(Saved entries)
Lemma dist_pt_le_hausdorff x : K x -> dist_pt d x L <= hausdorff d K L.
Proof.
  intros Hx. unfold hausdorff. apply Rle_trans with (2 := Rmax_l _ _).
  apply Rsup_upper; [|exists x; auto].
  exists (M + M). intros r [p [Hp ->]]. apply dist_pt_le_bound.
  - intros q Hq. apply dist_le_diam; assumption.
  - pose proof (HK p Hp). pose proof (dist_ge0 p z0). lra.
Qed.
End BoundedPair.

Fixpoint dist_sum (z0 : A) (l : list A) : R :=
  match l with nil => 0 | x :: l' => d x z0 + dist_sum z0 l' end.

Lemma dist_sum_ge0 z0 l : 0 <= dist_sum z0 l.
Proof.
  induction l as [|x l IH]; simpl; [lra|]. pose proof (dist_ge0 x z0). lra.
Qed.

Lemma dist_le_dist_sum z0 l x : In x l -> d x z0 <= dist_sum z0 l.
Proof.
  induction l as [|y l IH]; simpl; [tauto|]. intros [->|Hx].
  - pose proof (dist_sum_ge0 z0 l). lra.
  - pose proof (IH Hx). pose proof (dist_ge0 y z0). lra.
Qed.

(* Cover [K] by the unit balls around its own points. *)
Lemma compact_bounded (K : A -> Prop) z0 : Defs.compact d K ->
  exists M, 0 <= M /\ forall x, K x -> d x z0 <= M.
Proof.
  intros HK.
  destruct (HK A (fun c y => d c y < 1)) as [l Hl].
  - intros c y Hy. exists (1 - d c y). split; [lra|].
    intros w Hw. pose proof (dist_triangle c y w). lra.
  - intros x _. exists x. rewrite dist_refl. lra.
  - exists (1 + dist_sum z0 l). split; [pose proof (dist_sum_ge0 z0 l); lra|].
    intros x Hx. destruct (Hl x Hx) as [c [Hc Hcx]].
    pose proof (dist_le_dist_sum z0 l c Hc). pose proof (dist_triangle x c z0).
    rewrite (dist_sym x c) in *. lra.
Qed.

[TASK GOAL] Only the lines from the one containing "Lemma compact_bounded (K" to the end of the records should be repeated, exactly as they appear.

[WRITTEN RESPONSE]
Lemma compact_bounded (K : A -> Prop) z0 : Defs.compact d K ->
  exists M, 0 <= M /\ forall x, K x -> d x z0 <= M.
Proof.
  intros HK.
  destruct (HK A (fun c y => d c y < 1)) as [l Hl].
  - intros c y Hy. exists (1 - d c y). split; [lra|].
    intros w Hw. pose proof (dist_triangle c y w). lra.
  - intros x _. exists x. rewrite dist_refl. lra.
  - exists (1 + dist_sum z0 l). split; [pose proof (dist_sum_ge0 z0 l); lra|].
    intros x Hx. destruct (Hl x Hx) as [c [Hc Hcx]].
    pose proof (dist_le_dist_sum z0 l c Hc). pose proof (dist_triangle x c z0).
    rewrite (dist_sym x c) in *. lra.
Qed.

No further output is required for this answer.